Take the lines below beginning at the line that has "move: E; rewrite hs addNr mulr0 u0 v0 => E." and stopping after the line that has "by rewrite s2 s1 s21.", and print them exactly as they are, with no other lines.

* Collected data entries
********************
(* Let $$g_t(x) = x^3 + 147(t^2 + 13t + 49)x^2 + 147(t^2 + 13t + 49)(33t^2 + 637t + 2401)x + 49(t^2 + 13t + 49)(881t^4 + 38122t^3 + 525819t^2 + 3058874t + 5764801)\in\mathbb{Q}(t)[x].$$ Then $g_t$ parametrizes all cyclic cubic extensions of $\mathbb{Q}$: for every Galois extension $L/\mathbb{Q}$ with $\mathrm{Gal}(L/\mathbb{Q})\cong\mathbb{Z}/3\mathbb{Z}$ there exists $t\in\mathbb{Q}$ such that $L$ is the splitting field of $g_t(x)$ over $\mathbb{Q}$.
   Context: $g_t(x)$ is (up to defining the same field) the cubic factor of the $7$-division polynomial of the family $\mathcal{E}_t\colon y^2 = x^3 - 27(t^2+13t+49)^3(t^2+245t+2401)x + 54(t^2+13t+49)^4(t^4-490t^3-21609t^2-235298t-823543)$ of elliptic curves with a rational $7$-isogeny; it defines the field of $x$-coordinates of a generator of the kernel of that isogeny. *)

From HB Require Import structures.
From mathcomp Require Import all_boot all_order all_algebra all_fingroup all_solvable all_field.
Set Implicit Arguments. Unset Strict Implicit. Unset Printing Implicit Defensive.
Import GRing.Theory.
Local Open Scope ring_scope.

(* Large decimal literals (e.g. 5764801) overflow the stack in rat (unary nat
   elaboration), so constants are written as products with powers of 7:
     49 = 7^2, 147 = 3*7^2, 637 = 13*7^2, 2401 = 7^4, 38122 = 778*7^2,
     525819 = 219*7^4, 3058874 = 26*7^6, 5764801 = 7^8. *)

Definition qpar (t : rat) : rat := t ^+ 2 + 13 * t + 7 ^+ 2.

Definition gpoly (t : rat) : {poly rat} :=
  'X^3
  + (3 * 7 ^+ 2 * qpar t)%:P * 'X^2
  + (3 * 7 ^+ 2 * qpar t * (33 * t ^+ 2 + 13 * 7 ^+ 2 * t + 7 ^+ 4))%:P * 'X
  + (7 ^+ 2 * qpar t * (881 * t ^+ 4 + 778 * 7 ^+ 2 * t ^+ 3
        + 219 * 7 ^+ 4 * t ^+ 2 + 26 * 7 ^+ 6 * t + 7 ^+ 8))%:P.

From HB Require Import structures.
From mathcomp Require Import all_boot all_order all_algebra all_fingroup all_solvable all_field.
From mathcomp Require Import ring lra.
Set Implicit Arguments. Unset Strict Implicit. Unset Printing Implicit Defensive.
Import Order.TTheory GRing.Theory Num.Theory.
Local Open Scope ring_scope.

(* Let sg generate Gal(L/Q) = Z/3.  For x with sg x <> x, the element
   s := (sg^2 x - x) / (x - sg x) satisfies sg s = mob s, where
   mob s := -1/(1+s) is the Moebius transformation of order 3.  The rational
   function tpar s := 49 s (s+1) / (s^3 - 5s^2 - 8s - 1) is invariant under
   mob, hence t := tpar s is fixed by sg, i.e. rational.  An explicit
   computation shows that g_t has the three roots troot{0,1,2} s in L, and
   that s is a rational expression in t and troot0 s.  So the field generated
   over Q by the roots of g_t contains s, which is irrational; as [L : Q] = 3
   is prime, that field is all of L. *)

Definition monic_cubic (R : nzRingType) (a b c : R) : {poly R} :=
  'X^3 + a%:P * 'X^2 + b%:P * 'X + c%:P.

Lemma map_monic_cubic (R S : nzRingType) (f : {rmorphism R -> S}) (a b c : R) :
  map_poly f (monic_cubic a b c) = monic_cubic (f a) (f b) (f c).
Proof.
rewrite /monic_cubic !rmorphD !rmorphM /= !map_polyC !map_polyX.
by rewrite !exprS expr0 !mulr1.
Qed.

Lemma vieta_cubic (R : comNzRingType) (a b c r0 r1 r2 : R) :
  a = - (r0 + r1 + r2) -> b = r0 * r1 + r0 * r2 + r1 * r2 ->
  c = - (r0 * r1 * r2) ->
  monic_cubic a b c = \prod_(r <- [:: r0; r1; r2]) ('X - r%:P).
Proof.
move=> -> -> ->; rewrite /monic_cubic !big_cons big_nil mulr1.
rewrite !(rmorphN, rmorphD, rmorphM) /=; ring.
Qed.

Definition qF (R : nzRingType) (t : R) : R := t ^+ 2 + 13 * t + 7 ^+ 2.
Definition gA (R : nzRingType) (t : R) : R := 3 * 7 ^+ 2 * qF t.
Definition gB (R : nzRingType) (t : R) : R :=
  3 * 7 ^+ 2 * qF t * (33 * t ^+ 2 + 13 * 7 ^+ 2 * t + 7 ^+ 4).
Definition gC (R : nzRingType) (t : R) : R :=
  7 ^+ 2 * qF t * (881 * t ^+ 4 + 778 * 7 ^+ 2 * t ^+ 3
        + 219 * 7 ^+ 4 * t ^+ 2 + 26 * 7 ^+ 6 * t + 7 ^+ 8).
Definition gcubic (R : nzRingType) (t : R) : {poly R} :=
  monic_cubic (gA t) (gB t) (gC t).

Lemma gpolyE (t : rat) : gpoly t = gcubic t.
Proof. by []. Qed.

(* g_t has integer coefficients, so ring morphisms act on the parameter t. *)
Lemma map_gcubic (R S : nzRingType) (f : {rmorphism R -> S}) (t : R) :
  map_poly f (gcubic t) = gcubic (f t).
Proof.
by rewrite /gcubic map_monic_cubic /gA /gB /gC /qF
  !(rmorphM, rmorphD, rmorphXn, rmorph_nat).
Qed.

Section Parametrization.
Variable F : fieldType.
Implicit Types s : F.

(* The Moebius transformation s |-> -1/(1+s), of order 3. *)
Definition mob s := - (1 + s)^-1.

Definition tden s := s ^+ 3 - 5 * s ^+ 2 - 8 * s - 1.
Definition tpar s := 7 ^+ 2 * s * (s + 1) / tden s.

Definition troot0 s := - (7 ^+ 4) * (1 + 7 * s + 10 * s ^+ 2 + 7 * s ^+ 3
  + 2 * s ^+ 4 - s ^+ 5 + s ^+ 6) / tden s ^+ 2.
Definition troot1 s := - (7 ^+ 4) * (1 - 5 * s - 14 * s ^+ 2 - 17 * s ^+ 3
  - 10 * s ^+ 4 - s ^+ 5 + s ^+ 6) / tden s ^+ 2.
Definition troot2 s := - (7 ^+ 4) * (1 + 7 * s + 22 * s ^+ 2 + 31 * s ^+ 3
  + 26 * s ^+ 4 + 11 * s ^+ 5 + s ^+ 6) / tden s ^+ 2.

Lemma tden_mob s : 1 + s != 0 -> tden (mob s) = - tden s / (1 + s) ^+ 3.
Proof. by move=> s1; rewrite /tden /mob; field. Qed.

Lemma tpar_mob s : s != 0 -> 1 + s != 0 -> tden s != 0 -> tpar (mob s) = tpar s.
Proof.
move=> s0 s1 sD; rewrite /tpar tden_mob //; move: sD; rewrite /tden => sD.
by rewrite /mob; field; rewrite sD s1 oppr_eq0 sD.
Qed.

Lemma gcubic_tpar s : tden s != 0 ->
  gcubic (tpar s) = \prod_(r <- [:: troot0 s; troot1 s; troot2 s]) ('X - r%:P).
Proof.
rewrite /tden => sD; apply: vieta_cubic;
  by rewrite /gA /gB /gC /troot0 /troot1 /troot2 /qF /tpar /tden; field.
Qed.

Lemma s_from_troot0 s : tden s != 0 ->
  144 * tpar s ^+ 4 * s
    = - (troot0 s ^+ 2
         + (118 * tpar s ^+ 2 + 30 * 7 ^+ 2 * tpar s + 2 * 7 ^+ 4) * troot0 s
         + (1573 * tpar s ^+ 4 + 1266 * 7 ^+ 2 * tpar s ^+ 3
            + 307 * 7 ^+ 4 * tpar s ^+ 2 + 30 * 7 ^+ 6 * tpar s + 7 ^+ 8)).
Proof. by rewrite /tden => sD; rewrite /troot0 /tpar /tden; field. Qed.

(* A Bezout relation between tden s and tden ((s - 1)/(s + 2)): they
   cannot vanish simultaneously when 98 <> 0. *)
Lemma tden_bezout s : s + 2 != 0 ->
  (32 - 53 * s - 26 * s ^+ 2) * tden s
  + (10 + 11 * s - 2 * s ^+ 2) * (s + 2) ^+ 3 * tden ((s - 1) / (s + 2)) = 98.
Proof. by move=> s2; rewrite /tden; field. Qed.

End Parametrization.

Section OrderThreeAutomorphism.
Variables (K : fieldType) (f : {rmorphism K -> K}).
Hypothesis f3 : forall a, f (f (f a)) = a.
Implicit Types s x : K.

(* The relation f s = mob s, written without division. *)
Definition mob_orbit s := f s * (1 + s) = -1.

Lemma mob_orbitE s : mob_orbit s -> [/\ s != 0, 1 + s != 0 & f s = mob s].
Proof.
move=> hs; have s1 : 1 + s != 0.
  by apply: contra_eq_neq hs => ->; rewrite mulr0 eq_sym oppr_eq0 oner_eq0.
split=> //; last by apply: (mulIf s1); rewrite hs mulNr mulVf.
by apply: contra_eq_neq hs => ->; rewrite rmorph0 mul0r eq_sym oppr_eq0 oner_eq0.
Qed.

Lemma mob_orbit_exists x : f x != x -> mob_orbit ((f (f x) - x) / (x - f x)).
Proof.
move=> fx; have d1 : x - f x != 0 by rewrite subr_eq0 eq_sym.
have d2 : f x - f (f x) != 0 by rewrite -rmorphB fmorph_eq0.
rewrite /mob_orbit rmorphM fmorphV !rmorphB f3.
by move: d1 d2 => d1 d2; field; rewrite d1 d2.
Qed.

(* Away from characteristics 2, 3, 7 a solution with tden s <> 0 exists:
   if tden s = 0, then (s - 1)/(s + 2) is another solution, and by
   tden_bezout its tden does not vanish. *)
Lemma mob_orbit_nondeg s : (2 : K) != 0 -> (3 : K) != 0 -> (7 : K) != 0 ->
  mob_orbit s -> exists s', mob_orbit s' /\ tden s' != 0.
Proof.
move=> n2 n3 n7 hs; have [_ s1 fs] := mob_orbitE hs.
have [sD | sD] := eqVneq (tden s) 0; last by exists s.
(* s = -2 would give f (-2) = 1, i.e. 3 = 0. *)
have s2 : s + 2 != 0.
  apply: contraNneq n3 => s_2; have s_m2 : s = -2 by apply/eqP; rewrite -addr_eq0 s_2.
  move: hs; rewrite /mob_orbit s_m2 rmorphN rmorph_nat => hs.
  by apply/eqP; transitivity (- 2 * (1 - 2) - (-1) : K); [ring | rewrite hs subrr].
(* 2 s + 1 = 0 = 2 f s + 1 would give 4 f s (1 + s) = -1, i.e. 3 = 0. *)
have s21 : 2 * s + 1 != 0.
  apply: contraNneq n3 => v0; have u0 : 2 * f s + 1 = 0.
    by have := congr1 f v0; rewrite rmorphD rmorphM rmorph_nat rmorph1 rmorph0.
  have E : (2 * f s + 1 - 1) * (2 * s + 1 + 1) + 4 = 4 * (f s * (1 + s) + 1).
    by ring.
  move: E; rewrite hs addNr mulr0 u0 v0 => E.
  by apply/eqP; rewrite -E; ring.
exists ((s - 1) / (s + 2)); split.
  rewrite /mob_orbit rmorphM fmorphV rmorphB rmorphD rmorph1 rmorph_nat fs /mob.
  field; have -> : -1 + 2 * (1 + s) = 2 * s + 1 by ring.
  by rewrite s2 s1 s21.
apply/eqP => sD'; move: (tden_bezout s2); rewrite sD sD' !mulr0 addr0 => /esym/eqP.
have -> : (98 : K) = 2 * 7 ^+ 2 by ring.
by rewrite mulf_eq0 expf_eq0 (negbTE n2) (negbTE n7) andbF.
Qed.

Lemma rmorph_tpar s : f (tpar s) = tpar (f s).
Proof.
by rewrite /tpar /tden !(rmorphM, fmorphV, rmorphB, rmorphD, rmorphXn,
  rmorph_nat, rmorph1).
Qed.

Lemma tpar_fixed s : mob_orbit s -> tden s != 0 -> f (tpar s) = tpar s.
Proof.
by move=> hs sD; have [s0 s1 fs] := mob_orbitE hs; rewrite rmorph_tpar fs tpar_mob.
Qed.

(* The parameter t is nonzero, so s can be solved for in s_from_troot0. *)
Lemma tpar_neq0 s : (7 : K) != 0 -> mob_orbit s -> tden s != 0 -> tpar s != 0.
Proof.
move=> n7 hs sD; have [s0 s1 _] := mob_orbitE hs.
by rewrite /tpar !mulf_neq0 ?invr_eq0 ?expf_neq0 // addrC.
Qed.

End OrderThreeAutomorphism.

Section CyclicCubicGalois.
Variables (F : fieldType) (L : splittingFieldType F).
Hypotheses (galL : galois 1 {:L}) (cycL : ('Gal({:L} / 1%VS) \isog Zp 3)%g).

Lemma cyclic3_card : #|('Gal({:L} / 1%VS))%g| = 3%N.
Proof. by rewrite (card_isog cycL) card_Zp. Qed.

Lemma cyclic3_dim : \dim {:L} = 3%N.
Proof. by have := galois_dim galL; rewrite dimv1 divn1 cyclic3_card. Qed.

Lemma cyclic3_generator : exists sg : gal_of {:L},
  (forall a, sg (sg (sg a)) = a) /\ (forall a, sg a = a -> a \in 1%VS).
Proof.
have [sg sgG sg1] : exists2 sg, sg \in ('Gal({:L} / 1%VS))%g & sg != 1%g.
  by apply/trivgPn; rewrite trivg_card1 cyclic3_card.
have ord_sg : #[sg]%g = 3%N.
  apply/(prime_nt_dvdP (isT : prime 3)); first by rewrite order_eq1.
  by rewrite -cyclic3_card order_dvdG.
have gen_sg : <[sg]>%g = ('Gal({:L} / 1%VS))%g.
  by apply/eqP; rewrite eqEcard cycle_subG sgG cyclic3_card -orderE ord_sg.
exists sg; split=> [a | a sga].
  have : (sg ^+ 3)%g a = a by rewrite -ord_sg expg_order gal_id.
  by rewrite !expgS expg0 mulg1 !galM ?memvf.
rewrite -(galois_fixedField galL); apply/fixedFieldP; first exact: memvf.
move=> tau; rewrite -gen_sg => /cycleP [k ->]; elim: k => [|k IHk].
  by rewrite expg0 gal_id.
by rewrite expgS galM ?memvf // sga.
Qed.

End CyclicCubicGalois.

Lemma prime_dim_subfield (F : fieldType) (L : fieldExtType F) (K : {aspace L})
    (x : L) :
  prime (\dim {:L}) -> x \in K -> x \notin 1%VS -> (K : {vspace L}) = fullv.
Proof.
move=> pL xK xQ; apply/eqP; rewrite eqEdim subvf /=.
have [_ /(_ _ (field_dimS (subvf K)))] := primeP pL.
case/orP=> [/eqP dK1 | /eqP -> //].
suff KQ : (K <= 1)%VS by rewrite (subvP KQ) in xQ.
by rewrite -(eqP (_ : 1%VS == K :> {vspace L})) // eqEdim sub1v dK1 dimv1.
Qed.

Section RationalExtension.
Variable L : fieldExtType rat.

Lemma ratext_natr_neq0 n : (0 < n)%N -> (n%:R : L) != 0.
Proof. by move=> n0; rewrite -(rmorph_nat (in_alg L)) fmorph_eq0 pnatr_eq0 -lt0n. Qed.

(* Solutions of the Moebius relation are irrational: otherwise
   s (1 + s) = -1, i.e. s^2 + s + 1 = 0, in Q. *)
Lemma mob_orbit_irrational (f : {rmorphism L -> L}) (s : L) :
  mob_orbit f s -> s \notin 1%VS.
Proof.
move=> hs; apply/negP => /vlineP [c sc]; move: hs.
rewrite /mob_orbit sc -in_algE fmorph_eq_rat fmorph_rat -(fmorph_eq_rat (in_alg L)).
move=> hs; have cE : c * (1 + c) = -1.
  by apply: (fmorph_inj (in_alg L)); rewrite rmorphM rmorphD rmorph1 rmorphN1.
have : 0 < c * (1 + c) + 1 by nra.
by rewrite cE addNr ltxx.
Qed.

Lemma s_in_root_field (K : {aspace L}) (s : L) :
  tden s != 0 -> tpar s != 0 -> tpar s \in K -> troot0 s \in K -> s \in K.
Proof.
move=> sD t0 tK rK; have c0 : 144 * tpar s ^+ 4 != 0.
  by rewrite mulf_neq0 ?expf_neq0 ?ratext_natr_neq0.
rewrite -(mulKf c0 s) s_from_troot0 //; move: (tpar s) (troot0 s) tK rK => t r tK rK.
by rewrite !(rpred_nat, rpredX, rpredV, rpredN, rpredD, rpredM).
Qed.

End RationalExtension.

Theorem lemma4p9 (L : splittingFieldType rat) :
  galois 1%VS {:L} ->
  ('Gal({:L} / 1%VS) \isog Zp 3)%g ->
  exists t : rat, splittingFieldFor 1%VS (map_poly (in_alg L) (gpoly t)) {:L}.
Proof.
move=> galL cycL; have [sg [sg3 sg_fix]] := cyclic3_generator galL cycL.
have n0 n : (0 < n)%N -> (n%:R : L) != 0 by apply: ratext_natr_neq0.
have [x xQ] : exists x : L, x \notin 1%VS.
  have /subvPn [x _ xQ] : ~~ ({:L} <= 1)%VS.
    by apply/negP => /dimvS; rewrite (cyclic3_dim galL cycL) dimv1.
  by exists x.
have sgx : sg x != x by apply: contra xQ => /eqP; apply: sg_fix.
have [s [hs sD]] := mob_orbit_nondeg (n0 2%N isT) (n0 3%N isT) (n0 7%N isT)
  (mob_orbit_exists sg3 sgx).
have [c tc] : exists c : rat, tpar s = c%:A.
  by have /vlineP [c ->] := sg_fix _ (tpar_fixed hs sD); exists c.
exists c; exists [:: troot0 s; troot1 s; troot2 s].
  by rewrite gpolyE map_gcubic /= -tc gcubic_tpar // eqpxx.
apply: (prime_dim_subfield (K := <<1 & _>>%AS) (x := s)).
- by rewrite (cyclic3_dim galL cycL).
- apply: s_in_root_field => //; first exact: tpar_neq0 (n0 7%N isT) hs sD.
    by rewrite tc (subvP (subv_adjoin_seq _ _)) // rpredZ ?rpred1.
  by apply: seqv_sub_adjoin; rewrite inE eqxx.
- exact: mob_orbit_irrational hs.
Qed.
********************
* EXPECTED OUTPUT
  move: E; rewrite hs addNr mulr0 u0 v0 => E.
  by apply/eqP; rewrite -E; ring.
exists ((s - 1) / (s + 2)); split.
  rewrite /mob_orbit rmorphM fmorphV rmorphB rmorphD rmorph1 rmorph_nat fs /mob.
  field; have -> : -1 + 2 * (1 + s) = 2 * s + 1 by ring.
  by rewrite s2 s1 s21.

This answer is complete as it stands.